During 2007, WKBF broadcast high school and Iowa State University sports broadcasts, and Quad Cities River Bandits baseball games in the English language, alongside its Spanish-language programming; the sports programming has since moved to other stations in the market.

From March through June 2008, WKBF dropped Regional Mexican for all-Christian Spanish programming from the Bible Broadcasting Network's Spanish network Red de Radiodifusión Bíblica.

In June 2008, WKBF was sold to La Jefa Latino Broadcasting, for a purchase price of $680,000. La Jefa continued the Regional Mexican format, under the "La Jefa" brand as opposed to the "La Pantera" brand. By January 2010, WKBF was the 2nd-most-listened-to AM station in the entire Quad Cities market with a 1.9 share.

In early 2013, WKBF – which had been broadcasting on an FM translator at 105.7 MHz in the Quad Cities, applied to the Federal Communications Commission to move the transmitter from Davenport to Moline and upgrade its power from 10 watts to 250 watts.

===End of operations===
In the fall of 2018, the 105.7 FM translator frequency (along with 1270 AM) went silent; that December, announcement of the sale of the FM translator to Augustana College was made, with plans to relocate the transmitter and use it as the repeater for WVIK's forthcoming HD2 programming. Augustana College and WVIK formally announced plans to launch the new station on both 90.3-HD2 (the station's hybrid digital frequency) and the translator at 105.7 FM beginning October 1, 2019.

Meanwhile, nothing was publicly announced about the status of 1270 AM or its future, or why the frequency has been silent. However, one of the transmitter towers was demolished on January 14, 2020, and the second tower was demolished eight days later. WKBF's license was officially cancelled by the FCC on June 1, 2020.

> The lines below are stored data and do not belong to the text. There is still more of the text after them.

Lemma transform_id_pole_free z : pole z h = 0%N.
Proof.
have e : h ^+ p - h = gM + rcst (- lambda) * g'.
  by rewrite htrans rmorphN mulNr addrAC subrr add0r.
have /pfree_polar_not_pmul : pfree_polar p z (h ^+ p - h).
  rewrite e eM; apply: pfree_polarD; first exact: is_form_pfree_polar hg z.
  by apply: pfree_polarZ; apply: is_form_pfree_polar hg' z.
rewrite pole_AS // => /(_ (dvdn_mulr _ (dvdnn p))) /eqP.
by rewrite muln_eq0 (gtn_eqF (ltnW p_gt1)) => /eqP.
Qed.

Lemma transform_id_rcst {c} : h = rcst c -> c ^+ p = c.
Proof.
move=> ehc; have [R hR eR] := is_form_inf hg; have [R' hR' eR'] := is_form_inf hg'.
set Q := F - lambda%:P * F' - (c ^+ p - c)%:P.
have eQ : rpoly Q = rcst lambda * R' - R.
  have -> : rpoly Q = rpoly F - rcst lambda * rpoly F' - (rcst c ^+ p - rcst c).
    by rewrite /Q !rmorphB rmorphM -rmorphXn.
  move: htrans; rewrite eM eR eR' ehc => e.
  by rewrite -[rpoly F](addrK R) e; ring.
have Q0 : Q = 0.
  apply: nu_inf_ge1_rpoly; rewrite eQ; apply: nu_geD (nu_geN hR).
  by rewrite -[1]add0r; apply: nu_geM (nu_ge_rcst _ _) hR'.
move: (congr1 (fun P : {poly K} => P`_0) Q0).
case: hg hg' => [[_ _ pF] _ _ _ _] [[_ _ pF'] _ _ _ _].
rewrite /Q !coefB coefCM coefC /= pF ?pF' ?dvdn0 // mulr0 !sub0r coef0.
by rewrite oppr0 sub0r => /eqP; rewrite oppr_eq0 subr_eq0 => /eqP.
Qed.

End Transformation.
(* Let $\ket{\psi_\mathcal{A}}$ be an antisymmetric vector state in $\mathbb{C}^d\otimes\mathbb{C}^d$ with Schmidt rank strictly larger than two. Then for every $0<p\leq 1/(d_\mathcal{S}+1)$, the state $\sigma = p\,|\psi_\mathcal{A}\rangle\langle\psi_\mathcal{A}| + (1-p)\,P_\mathcal{S}/d_\mathcal{S}$ is PPT entangled.
   Context: $V$ is the swap operator, $P_\mathcal{S}=(\mathbb{1}+V)/2$ and $P_\mathcal{A}=(\mathbb{1}-V)/2$ are the projectors onto the symmetric and antisymmetric subspaces of $\mathbb{C}^d\otimes\mathbb{C}^d$ (with $\mathbb{1}$ the identity operator); $d_\mathcal{S}=d(d+1)/2$. A vector $\ket{\psi_\mathcal{A}}$ is antisymmetric if $P_\mathcal{A}\ket{\psi_\mathcal{A}}=\ket{\psi_\mathcal{A}}$. PPT means the partial transpose is positive semidefinite. *)

(* Complex scalars: an arbitrary numClosedFieldType C
   (e.g. algC, or complex R for R : rcfType / realType). *)
From HB Require Import structures.
From mathcomp Require Import all_boot all_order all_algebra.
From mathcomp Require Export mxtens.
Set Implicit Arguments. Unset Strict Implicit. Unset Printing Implicit Defensive.
Import Order.TTheory GRing.Theory Num.Theory.
Local Open Scope ring_scope.

Section QDefs.
Variable C : numClosedFieldType.

Definition adjmx m n (A : 'M[C]_(m, n)) : 'M[C]_(n, m) := (map_mx Num.conj A)^T.

(* positive semidefinite: <v, A v> is real and >= 0 for all v *)
Definition psd n (A : 'M[C]_n) : Prop :=
  forall v : 'cV[C]_n, 0 <= (adjmx v *m A *m v) 0 0.

Definition is_state n (A : 'M[C]_n) : Prop := psd A /\ \tr A = 1.

(* C^d (x) C^d is indexed by 'I_(d*d) via mxtens_index (i, j) (a (x) b = a *t b) *)

Definition swap_op d : 'M[C]_(d * d) :=
  \matrix_(i, j) (((@mxtens_unindex d d i).1 == (@mxtens_unindex d d j).2)%:R *
                 ((@mxtens_unindex d d i).2 == (@mxtens_unindex d d j).1)%:R).

Definition PS d : 'M[C]_(d * d) := (2%:R : C)^-1 *: (1%:M + swap_op d).
Definition PA d : 'M[C]_(d * d) := (2%:R : C)^-1 *: (1%:M - swap_op d).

==History of call letters==
The call letters WKBF were previously assigned from 1926 until 1935 to an AM station in Indianapolis, Indiana. From 1968 to 1975, the WKBF-TV call sign was used by a now-defunct television station in Cleveland, Ohio.

==Sources==
- Anderson, Frederick I, editor. "Joined By a River: Quad Cities." Lee Enterprises, 1982. ISBN 0-910847-00-2
- Radio stations make new country connection, The North Scott Press, Eldridge, Iowa, June 22, 2005
- Rock Island Argus editorial "We welcome the Pirate FM to Rock Island" March 4, 1994.